Problem to solve
With the line containing "assert (Hax : a" as the start and the line containing "Lemma sym_eq_output_cases a" as the end, transcribe that span of the entries below exactly, including both.

Available data

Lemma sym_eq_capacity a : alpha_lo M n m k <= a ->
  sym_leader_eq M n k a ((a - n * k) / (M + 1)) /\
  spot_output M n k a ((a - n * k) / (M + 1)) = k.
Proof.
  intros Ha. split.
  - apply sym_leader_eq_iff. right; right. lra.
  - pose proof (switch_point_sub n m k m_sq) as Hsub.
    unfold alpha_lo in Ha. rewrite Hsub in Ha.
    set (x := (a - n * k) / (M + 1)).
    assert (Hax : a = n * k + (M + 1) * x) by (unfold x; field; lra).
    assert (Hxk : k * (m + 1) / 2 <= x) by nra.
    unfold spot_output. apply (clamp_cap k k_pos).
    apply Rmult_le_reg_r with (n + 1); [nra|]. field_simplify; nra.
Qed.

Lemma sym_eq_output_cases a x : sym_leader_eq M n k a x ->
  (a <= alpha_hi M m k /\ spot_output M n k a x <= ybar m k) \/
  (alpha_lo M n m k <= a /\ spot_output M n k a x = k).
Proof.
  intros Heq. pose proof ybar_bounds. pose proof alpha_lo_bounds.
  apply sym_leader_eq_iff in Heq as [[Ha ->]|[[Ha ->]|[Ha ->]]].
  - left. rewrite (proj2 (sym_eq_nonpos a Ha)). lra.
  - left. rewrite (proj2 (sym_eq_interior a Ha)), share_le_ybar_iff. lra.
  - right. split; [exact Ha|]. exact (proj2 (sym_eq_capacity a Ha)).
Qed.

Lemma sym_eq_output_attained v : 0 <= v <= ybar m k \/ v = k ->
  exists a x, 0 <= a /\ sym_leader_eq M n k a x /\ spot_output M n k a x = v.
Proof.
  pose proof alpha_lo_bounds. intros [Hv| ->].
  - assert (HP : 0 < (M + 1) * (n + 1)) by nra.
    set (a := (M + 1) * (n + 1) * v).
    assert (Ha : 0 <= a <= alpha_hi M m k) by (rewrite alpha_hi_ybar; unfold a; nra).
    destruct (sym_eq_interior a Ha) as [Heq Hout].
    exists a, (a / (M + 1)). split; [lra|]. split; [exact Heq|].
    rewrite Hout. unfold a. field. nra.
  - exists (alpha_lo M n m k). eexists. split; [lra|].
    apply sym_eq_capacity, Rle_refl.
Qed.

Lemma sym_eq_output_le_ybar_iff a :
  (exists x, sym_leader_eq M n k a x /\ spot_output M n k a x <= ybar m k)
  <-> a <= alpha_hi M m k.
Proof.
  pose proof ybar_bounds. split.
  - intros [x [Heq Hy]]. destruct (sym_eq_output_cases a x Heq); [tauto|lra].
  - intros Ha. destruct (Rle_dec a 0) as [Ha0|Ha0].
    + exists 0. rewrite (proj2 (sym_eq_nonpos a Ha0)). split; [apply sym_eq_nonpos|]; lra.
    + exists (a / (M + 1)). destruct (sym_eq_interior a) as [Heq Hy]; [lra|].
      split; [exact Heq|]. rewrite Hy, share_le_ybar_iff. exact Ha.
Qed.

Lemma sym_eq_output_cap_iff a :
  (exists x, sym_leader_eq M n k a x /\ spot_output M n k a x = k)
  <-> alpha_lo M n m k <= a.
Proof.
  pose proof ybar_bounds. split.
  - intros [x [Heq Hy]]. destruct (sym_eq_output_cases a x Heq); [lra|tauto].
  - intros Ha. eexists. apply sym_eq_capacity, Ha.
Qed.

Expected output
    assert (Hax : a = n * k + (M + 1) * x) by (unfold x; field; lra).
    assert (Hxk : k * (m + 1) / 2 <= x) by nra.
    unfold spot_output. apply (clamp_cap k k_pos).
    apply Rmult_le_reg_r with (n + 1); [nra|]. field_simplify; nra.
Qed.

Lemma sym_eq_output_cases a x : sym_leader_eq M n k a x ->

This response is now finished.